• **What is being asked**
For the entries that follow, restate word for word the line containing "replace 2 with", the line containing "End FarthestInsertion.", and every line that lies between them.

───── Dataset extract ─────

Lemma farthest_insertion_gap_ratio_le_2 : lt_card_if_finite T k ->
  Rbar_le (gap_ratio d (prefix_set q k)) (Finite 2).
Proof.
  intros Hcard. pose proof (farthest_insertion_radius_pos Hcard) as HD.
  assert (Hsep : forall i j, (1 <= i <= k)%nat -> (1 <= j <= k)%nat -> i <> j ->
                  D <= d (q i) (q j)).
  { intros i j Hi Hj Hij. destruct (Nat.lt_total i j) as [Hlt|[Heq|Hlt]]; [|contradiction|].
    - rewrite (metric_sym d Hd). apply farthest_insertion_separated; lia.
    - apply farthest_insertion_separated; lia. }
  assert (H12 : q 1%nat <> q 2%nat).
  { intros E. pose proof (Hsep 1%nat 2%nat ltac:(lia) ltac:(lia) ltac:(lia)) as H.
    rewrite E, (metric_diag d Hd) in H. lra. }
  replace 2 with (D / (D / 2)) by (field; lra).
  apply (gap_ratio_le d Hd _ (q 1%nat) (q 2%nat)); try (apply In_prefix_set; lia); auto; try lra.
  - apply farthest_insertion_covering.
  - intros u v Hu Hv Huv.
    destruct (prefix_set_In q k u Hu) as [i [Hi ->]].
    destruct (prefix_set_In q k v Hv) as [j [Hj ->]].
    assert (i <> j) by (intros ->; auto).
    pose proof (Hsep i j Hi Hj H). lra.
Qed.

End FarthestInsertion.

Lemma gap_ratio_le_mult_opt_gap_ratio {T : Type} (d : T -> T -> R) k S U L rho :
  Rbar_le (gap_ratio d S) (Finite U) ->
  (forall P, NoDup P -> length P = k -> Rbar_le (Finite L) (gap_ratio d P)) ->
  0 < rho -> U <= rho * L ->
  Rbar_le (gap_ratio d S) (Rbar_mult (Finite rho) (opt_gap_ratio d k)).
Proof.
  intros HS Hlow Hrho HL.
  assert (Hopt : Rbar_le (Finite L) (opt_gap_ratio d k)).
  { apply Rbar_glb_is_glb. intros r (P & HP & Hk & ->). auto. }
  destruct (opt_gap_ratio d k) as [a| |]; try contradiction.
  - eapply Rbar_le_trans; [exact HS|]. simpl in *.
    apply Rle_trans with (rho * L); auto. apply Rmult_le_compat_l; lra.
  - simpl. destruct Rle_dec; [|lra]. destruct Rle_lt_or_eq_dec; [|lra].
    destruct (gap_ratio d S); exact I.
Qed.

(* extends a path defined on [0, 1] to all of R, as the IVT requires *)
Definition clamp01 (t : R) : R := Rmax 0 (Rmin 1 t).

Lemma clamp01_in t : 0 <= clamp01 t <= 1.
Proof. unfold clamp01, Rmax, Rmin. repeat destruct Rle_dec; lra. Qed.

─────

• **Reply**
  replace 2 with (D / (D / 2)) by (field; lra).
  apply (gap_ratio_le d Hd _ (q 1%nat) (q 2%nat)); try (apply In_prefix_set; lia); auto; try lra.
  - apply farthest_insertion_covering.
  - intros u v Hu Hv Huv.
    destruct (prefix_set_In q k u Hu) as [i [Hi ->]].
    destruct (prefix_set_In q k v Hv) as [j [Hj ->]].
    assert (i <> j) by (intros ->; auto).
    pose proof (Hsep i j Hi Hj H). lra.
Qed.

End FarthestInsertion.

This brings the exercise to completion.